What happens when the builder has no baseline? If you’ve never built the same feature without AI, how would you know whether the generated design is simple or brittle, complete or partial, safe or merely plausible?
The security data has the same shape. The Snyk report found 75% of developers believe AI-generated code is more secure than human-written code, while 56% of those same developers also say AI frequently introduces security issues.
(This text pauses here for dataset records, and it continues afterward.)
Lemma log_concave_h p : 7 / 32 <= p -> log_concave_on (h p) 0 1.
Proof.
  intros Hp. split; [apply h_pos|].
  apply (concave_on_of_derive_nonincreasing _ (ln_h' p)); [apply is_derive_ln_h|].
  apply (nonincreasing_of_derive_nonpos _ (ln_h'' p)); [apply is_derive_ln_h'|].
  intros x Hx. apply ln_h''_nonpos; assumption.
Qed.

Lemma log_convex_h p : p <= 0 -> log_convex_on (h p) 0 1.
Proof.
  intros Hp. split; [apply h_pos|].
  apply (convex_on_of_derive_nondecreasing _ (ln_h' p)); [apply is_derive_ln_h|].
  apply (nondecreasing_of_derive_nonneg _ (ln_h'' p)); [apply is_derive_ln_h'|].
  intros x Hx. apply ln_h''_nonneg; assumption.
Qed.

(* [1 / 4 - p] is the limit of [ln_h' p] at 0. *)
Lemma ln_h'_le p x : 0 < x < 1 -> ln_h' p x <= (1 / 4 - p) / (1 - x).
Proof.
  intros Hx. pose proof (EK_le x Hx).
  assert (Hid : (1 / 4 - p) / (1 - x) - ln_h' p x = (1 - x / 2 - EK x) / (2 * x * (1 - x)))
    by (unfold ln_h'; field; lra).
  assert (0 <= (1 - x / 2 - EK x) / (2 * x * (1 - x))) by (apply Rdiv_le_0_compat; nra).
  lra.
Qed.

Lemma sqrt_Q_gt a : 1 / 16 < a ->
  exists y, 0 < y <= 1 / 2 /\ 1 - 3 * y / 2 - a * y ^ 2 < sqrt (Q y).
Proof.
  intros Ha. set (e := 2 * a - 1 / 8).
  destruct (exists_small (1 / 2) (2 * (3 * a + a ^ 2)) e) as [y [Hy Hye]];
    [lra | nra | unfold e; lra |].
  exists y. split; [exact Hy|].
  destruct (Rlt_dec (1 - 3 * y / 2 - a * y ^ 2) 0); [pose proof (sqrt_pos (Q y)); lra|].
  rewrite <- (sqrt_pow2 (1 - 3 * y / 2 - a * y ^ 2)) by lra. apply sqrt_lt_1_alt. split; [nra|].
  assert (Hid : Q y - (1 - 3 * y / 2 - a * y ^ 2) ^ 2 = y ^ 2 * (e - 3 * a * y - a ^ 2 * y ^ 2))
    by (unfold Q, e; field).
  assert (0 < y ^ 2) by (apply pow_lt; lra).
  assert (a ^ 2 * y ^ 2 <= a ^ 2 * y) by (assert (0 <= a ^ 2) by nra; nra).
  assert (0 < e - 3 * a * y - a ^ 2 * y ^ 2) by nra.
  nra.
Qed.

Lemma ln_h'_gt p : p < 7 / 32 -> exists y, 0 < y < 1 /\ 1 / 4 - p < ln_h' p y.
Proof.
  intros Hp. set (a := 1 / 2 - 2 * p).
  destruct (sqrt_Q_gt a ltac:(unfold a; lra)) as [y [Hy Hsqrt]].
  exists y. split; [lra|].
  assert (HQ : 0 < Q y)
    by (pose proof (Q_antitone y (1 / 2) ltac:(lra) ltac:(lra)); unfold Q in *; lra).
  pose proof (lower_barrier_le_EK y ltac:(lra) HQ). unfold lower_barrier in *.
  assert (Hid : ln_h' p y - (1 / 4 - p) = (EK y - (1 - y / 2 - a * y ^ 2)) / (2 * y * (1 - y)))
    by (unfold ln_h', a; field; lra).
  assert (0 < (EK y - (1 - y / 2 - a * y ^ 2)) / (2 * y * (1 - y))) by (apply Rdiv_lt_0_compat; nra).
  lra.
Qed.

Lemma log_concave_h_ge p : log_concave_on (h p) 0 1 -> 7 / 32 <= p.
Proof.
  intros [_ Hc]. destruct (Rle_lt_dec (7 / 32) p) as [|Hp]; [assumption | exfalso].
  destruct (ln_h'_gt p Hp) as [y [Hy Hgt]].
  set (L := 1 / 4 - p). set (del := ln_h' p y - L). fold L in Hgt.
  assert (HL : 0 < L) by (unfold L; lra). assert (Hdel : 0 < del) by (unfold del; lra).
  destruct (exists_small (y / 2) (2 * (L + del)) del) as [x [Hx Hxd]]; [lra | lra | lra |].
  pose proof (derive_nonincreasing_of_concave_on _ (ln_h' p) 0 1 (is_derive_ln_h p) Hc x y
                ltac:(lra) ltac:(lra) ltac:(lra)).
  pose proof (ln_h'_le p x ltac:(lra)) as Hle. fold L in Hle.
  assert (L / (1 - x) < L + del).
  { apply (Rmult_lt_reg_r (1 - x)); [lra|]. unfold Rdiv. rewrite Rmult_assoc, Rinv_l; nra. }
  unfold del in *. lra.
Qed.

Lemma ln_h'_scaled_le p x : 1 / 2 < x < 1 -> (1 - x) * ln_h' p x <= - p + EK x.
Proof.
  intros Hx. pose proof (EK_ge x ltac:(lra)).
  assert (Hid : (1 - x) * ln_h' p x = - p + (EK x - (1 - x)) / (2 * x))
    by (unfold ln_h'; field; lra).
  assert ((EK x - (1 - x)) / (2 * x) <= EK x); [|lra].
  apply (Rmult_le_reg_r (2 * x)); [lra|]. field_simplify; nra.
Qed.

Lemma log_convex_h_le p : log_convex_on (h p) 0 1 -> p <= 0.
Proof.
  intros [_ Hc]. destruct (Rle_lt_dec p 0) as [|Hp]; [assumption | exfalso].
  pose proof (derive_nondecreasing_of_convex_on _ (ln_h' p) 0 1 (is_derive_ln_h p) Hc)
    as Hmono.
  set (m := ln_h' p (1 / 2)).
  pose proof (Rabs_maj2 m). pose proof (Rabs_pos m).
  (* M is chosen so that, at x = 1 - exp (-2 M), (1 - x) ln_h' p x <= - p / 2 while
     (1 - x) ln_h' p (1/2) >= - p / 4. *)
  set (M := (4 + 2 * Rabs m) / p + 1).
  assert (HMp : M * p = 4 + 2 * Rabs m + p) by (unfold M; field; lra).
  assert (HM1 : 1 <= M).
  { assert (0 <= (4 + 2 * Rabs m) / p) by (apply Rdiv_le_0_compat; lra).
    unfold M. lra. }
  clearbody M.
  set (s := exp (- M)).
  assert (Hs : 0 < s < 1) by (split; [apply exp_pos | rewrite <- exp_0; apply exp_increasing; lra]).
  assert (Hs2 : s ^ 2 * (2 * M) < 1).
  { assert (Hexp : s ^ 2 * exp (2 * M) = 1).
    { replace (s ^ 2 * exp (2 * M)) with (exp (- M + - M + 2 * M))
        by (unfold s; rewrite !exp_plus; ring).
      replace (- M + - M + 2 * M) with 0 by ring. apply exp_0. }
    pose proof (exp_ineq1 (2 * M) ltac:(lra)). nra. }
  pose proof (K_ge_neg_ln s Hs) as HK. unfold s in HK at 1. rewrite ln_exp, Ropp_involutive in HK.
  clearbody s.
  assert (Hx : 1 / 2 < 1 - s ^ 2 < 1) by (split; nra).
  assert (HKpos : 0 < K (1 - s ^ 2)) by lra.
  assert (Hr : EK (1 - s ^ 2) <= p / 2).
  { apply Rle_trans with (2 / K (1 - s ^ 2)); [apply EK_le_div_K; lra|].
    apply (Rmult_le_reg_r (K (1 - s ^ 2))); [lra|].
    replace (2 / K (1 - s ^ 2) * K (1 - s ^ 2)) with 2 by (field; lra).
    assert (0 <= p * (K (1 - s ^ 2) - M)) by (apply Rmult_le_pos; lra). lra. }
  pose proof (ln_h'_scaled_le p (1 - s ^ 2) Hx).
  pose proof (Hmono (1 / 2) (1 - s ^ 2) ltac:(lra) ltac:(lra) ltac:(lra)) as Hm. fold m in Hm.
  replace (1 - (1 - s ^ 2)) with (s ^ 2) in * by ring.
  assert (s ^ 2 * Rabs m <= p / 4) by nra.
  nra.
Qed.

Theorem theorem3 : forall p : R,
  (log_concave_on (h p) 0 1 <-> 7 / 32 <= p) /\
  (log_convex_on (h p) 0 1 <-> p <= 0).
Proof.
  intros p. split; split.
  - apply log_concave_h_ge.
  - apply log_concave_h.
  - apply log_convex_h_le.
  - apply log_convex_h.
Qed.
That contradiction is an instrumentation failure, not a moral one.
When confidence rises faster than validation, the builder is flying without reliable instruments. The question is how to add instruments before the app has real users.
The minimum floor before shipping
For a personal prototype, the bar can be low. For software serving other people, especially anything with accounts, payments, private records, uploads, or generated decisions, the bar changes.
Before shipping a multi-user AI-built app, verify at least this.
- Are secrets out of the client bundle and the repo?
- Does every database table with user data have RLS or equivalent server-side access control?
- Does every CRUD operation check both authn and authz?
- Can User A fetch, modify, export, or infer User B’s records by changing an ID, URL, request body, or filter?
- Are privileged operations enforced on the server rather than hidden in the interface?
- Do tests include cross-user access attempts, not just happy-path flows?
- Has someone with security experience reviewed the data model, generated policies, and API routes before it ships?
For domain logic, a second set of questions.
- What would a wrong result look like in the domain?
- Who is qualified to review it?
- What edge cases would be expensive, illegal, unsafe, or embarrassing if missed?
- What evidence would prove the output is correct enough to use?
The skill is the ability to turn those questions into checks before the model’s confidence becomes your confidence. Non-coders can build useful software with AI. But real users deserve more than a working demo: a builder who knows what failure looks like, or someone brought in who does.
Before you ship, can you name the failures you are testing for?